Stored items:
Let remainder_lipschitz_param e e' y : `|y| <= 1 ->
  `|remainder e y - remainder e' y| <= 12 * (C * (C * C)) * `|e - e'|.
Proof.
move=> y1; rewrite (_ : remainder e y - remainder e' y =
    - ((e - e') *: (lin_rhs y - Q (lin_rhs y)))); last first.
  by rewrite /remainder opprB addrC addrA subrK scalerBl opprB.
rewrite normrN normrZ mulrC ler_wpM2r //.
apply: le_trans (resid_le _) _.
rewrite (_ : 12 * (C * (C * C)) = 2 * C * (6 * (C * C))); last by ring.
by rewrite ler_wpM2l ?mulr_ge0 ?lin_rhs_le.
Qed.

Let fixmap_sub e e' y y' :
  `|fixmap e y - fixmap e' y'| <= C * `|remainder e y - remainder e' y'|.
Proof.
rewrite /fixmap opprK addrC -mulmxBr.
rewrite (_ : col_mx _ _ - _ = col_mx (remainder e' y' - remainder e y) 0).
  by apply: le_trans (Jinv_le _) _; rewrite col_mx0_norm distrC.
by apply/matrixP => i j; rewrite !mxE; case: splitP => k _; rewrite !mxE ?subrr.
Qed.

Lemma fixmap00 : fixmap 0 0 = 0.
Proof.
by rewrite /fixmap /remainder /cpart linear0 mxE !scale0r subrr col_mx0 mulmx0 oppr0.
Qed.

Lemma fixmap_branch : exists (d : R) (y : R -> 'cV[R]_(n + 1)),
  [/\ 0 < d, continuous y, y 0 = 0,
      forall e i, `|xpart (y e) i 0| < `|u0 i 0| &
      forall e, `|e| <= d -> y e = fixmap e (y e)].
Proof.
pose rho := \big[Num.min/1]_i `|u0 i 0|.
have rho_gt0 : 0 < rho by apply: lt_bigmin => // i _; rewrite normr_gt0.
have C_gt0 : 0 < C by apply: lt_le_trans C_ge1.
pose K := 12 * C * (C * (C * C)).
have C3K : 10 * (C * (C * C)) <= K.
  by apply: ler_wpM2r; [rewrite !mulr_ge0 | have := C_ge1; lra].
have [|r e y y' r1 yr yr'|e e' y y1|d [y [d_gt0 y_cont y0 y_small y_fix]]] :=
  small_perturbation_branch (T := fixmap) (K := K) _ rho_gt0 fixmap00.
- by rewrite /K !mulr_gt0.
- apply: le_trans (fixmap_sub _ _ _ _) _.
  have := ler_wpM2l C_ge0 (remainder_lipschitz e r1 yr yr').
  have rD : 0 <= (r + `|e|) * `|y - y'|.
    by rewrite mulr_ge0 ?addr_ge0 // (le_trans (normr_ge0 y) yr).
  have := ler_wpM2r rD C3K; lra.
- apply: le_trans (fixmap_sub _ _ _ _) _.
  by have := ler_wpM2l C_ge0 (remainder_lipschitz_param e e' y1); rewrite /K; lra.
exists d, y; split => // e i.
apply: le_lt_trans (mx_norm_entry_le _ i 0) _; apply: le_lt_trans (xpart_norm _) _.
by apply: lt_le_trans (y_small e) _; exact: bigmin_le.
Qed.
--
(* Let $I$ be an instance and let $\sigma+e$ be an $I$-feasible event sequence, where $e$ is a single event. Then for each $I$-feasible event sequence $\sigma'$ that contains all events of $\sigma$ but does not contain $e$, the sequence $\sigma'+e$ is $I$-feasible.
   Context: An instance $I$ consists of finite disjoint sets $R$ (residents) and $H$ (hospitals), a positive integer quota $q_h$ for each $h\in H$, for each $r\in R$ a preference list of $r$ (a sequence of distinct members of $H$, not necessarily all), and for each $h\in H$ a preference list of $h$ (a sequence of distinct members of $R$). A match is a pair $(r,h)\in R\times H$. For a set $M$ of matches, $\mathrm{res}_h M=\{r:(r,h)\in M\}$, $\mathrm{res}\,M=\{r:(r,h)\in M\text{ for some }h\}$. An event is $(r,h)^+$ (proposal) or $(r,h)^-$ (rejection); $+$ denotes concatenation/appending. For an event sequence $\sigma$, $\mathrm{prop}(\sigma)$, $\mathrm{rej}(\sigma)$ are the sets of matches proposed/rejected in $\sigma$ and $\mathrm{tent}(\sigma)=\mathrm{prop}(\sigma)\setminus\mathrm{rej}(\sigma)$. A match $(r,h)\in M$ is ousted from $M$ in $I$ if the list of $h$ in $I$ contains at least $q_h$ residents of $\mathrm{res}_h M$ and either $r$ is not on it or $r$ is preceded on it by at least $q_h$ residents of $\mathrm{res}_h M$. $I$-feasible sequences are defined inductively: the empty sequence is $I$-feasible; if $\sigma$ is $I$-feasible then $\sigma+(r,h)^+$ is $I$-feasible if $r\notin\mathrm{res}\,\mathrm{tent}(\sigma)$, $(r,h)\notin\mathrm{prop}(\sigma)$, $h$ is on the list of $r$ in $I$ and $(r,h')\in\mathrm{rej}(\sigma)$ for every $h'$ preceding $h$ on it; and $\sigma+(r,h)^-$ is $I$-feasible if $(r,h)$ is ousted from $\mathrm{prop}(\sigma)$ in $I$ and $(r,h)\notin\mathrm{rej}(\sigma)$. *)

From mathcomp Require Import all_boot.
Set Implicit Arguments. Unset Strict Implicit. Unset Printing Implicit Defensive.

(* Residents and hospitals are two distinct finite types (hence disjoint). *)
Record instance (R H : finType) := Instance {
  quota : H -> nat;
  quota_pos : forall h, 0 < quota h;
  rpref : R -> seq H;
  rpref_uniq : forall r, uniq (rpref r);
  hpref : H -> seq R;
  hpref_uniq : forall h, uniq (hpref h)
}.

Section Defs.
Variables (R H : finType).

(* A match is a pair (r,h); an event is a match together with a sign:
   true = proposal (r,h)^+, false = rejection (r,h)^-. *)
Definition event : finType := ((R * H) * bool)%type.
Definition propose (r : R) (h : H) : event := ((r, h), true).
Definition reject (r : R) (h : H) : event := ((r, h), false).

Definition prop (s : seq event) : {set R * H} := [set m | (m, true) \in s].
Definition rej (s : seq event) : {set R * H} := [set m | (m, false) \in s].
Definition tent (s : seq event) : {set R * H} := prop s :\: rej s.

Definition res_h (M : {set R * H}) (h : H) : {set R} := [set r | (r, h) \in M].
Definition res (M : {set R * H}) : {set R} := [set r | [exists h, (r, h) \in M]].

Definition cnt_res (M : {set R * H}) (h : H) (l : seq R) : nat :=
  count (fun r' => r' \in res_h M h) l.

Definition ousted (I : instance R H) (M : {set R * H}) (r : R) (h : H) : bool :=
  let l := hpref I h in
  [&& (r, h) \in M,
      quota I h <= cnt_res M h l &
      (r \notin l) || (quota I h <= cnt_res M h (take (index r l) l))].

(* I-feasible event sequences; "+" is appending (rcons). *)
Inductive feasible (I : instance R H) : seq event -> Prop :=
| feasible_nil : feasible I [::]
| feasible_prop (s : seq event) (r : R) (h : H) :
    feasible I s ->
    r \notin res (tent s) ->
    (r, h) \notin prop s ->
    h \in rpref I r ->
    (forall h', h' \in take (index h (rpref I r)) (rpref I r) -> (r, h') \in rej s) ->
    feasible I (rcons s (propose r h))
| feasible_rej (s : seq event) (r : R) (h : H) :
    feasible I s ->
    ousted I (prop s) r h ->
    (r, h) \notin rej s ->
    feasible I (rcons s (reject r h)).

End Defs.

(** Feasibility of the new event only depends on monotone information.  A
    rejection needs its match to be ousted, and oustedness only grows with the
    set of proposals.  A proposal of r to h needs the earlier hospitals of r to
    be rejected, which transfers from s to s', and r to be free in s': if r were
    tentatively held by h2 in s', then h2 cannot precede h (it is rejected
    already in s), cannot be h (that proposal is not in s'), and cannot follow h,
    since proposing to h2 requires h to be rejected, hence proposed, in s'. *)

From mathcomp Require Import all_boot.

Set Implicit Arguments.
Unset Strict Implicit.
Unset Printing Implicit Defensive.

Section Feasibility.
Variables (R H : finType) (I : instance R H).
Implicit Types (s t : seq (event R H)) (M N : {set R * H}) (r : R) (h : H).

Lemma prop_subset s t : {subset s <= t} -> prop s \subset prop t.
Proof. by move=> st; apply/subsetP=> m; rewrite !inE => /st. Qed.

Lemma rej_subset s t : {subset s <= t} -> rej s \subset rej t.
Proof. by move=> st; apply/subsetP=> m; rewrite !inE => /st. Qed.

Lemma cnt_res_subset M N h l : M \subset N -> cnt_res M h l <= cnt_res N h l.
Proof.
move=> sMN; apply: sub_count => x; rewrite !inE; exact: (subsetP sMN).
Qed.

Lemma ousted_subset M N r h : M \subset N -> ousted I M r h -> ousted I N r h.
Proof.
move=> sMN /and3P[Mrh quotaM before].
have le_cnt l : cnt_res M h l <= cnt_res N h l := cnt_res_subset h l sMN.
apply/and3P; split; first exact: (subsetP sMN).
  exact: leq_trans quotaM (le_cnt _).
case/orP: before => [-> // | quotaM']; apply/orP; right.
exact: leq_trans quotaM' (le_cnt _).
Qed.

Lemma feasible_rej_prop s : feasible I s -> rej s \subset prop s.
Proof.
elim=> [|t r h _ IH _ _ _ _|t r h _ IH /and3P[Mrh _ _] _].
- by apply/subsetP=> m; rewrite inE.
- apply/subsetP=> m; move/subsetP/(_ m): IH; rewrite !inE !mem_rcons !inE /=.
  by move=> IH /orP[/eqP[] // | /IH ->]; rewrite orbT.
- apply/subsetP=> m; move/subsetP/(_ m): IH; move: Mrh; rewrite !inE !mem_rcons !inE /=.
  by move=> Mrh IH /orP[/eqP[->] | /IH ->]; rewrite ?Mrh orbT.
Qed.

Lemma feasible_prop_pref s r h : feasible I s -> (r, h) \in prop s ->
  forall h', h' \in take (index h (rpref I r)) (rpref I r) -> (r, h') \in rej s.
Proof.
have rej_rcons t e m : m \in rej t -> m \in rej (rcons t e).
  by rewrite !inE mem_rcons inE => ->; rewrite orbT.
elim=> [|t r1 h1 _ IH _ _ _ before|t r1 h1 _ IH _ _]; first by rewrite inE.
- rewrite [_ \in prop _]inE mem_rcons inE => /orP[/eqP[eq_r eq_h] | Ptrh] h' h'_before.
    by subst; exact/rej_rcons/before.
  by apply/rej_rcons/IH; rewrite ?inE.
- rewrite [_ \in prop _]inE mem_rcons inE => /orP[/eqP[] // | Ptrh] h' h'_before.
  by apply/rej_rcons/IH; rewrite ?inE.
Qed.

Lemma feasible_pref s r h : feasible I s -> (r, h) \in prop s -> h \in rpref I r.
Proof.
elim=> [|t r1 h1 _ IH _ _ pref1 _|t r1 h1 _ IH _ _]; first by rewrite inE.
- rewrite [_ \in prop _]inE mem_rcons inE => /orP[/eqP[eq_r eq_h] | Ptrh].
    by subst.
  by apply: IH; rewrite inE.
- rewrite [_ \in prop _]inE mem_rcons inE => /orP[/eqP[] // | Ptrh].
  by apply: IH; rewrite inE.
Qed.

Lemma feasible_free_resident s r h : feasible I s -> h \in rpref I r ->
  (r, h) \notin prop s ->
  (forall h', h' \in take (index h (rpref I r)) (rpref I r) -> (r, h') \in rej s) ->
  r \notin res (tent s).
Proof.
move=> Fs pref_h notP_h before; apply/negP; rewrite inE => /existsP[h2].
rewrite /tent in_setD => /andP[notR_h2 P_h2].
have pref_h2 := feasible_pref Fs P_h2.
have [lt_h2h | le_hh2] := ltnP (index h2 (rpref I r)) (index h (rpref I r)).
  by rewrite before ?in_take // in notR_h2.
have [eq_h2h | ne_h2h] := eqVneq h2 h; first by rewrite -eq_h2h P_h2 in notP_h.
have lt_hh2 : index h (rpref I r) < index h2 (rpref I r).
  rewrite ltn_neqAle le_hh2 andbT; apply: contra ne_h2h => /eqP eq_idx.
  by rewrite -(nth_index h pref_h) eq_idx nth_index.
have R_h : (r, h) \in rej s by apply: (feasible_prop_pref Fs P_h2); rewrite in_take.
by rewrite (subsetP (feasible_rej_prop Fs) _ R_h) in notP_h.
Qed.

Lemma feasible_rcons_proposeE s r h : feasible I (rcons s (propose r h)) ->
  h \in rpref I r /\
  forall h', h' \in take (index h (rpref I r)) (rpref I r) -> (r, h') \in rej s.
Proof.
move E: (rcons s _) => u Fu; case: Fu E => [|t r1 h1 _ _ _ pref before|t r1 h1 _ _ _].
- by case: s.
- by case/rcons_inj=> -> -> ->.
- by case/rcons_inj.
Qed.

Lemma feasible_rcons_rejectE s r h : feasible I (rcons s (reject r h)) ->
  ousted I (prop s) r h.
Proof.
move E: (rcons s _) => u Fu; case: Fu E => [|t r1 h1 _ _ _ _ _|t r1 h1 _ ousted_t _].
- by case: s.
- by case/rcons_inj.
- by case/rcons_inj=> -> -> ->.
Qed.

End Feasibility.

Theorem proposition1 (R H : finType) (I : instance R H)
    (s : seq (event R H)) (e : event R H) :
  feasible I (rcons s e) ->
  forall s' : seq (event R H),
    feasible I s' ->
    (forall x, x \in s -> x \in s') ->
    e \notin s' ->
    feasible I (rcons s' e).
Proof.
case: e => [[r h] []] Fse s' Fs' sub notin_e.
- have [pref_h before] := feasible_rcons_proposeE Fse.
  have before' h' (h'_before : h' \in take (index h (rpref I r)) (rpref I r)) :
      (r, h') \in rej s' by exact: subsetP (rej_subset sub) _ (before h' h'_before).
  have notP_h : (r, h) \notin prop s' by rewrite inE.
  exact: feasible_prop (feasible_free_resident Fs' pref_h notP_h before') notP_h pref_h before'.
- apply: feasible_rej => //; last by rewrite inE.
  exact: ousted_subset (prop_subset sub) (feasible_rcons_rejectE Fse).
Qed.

Task brief:
All lines above from the one with "(r, h) \notin rej s ->" to the one with "apply/and3P; split; first", inclusive, should be copied exactly, and no other lines.

Written solution:
    (r, h) \notin rej s ->
    feasible I (rcons s (reject r h)).

End Defs.

(** Feasibility of the new event only depends on monotone information.  A
    rejection needs its match to be ousted, and oustedness only grows with the
    set of proposals.  A proposal of r to h needs the earlier hospitals of r to
    be rejected, which transfers from s to s', and r to be free in s': if r were
    tentatively held by h2 in s', then h2 cannot precede h (it is rejected
    already in s), cannot be h (that proposal is not in s'), and cannot follow h,
    since proposing to h2 requires h to be rejected, hence proposed, in s'. *)

From mathcomp Require Import all_boot.

Set Implicit Arguments.
Unset Strict Implicit.
Unset Printing Implicit Defensive.

Section Feasibility.
Variables (R H : finType) (I : instance R H).
Implicit Types (s t : seq (event R H)) (M N : {set R * H}) (r : R) (h : H).

Lemma prop_subset s t : {subset s <= t} -> prop s \subset prop t.
Proof. by move=> st; apply/subsetP=> m; rewrite !inE => /st. Qed.

Lemma rej_subset s t : {subset s <= t} -> rej s \subset rej t.
Proof. by move=> st; apply/subsetP=> m; rewrite !inE => /st. Qed.

Lemma cnt_res_subset M N h l : M \subset N -> cnt_res M h l <= cnt_res N h l.
Proof.
move=> sMN; apply: sub_count => x; rewrite !inE; exact: (subsetP sMN).
Qed.

Lemma ousted_subset M N r h : M \subset N -> ousted I M r h -> ousted I N r h.
Proof.
move=> sMN /and3P[Mrh quotaM before].
have le_cnt l : cnt_res M h l <= cnt_res N h l := cnt_res_subset h l sMN.
apply/and3P; split; first exact: (subsetP sMN).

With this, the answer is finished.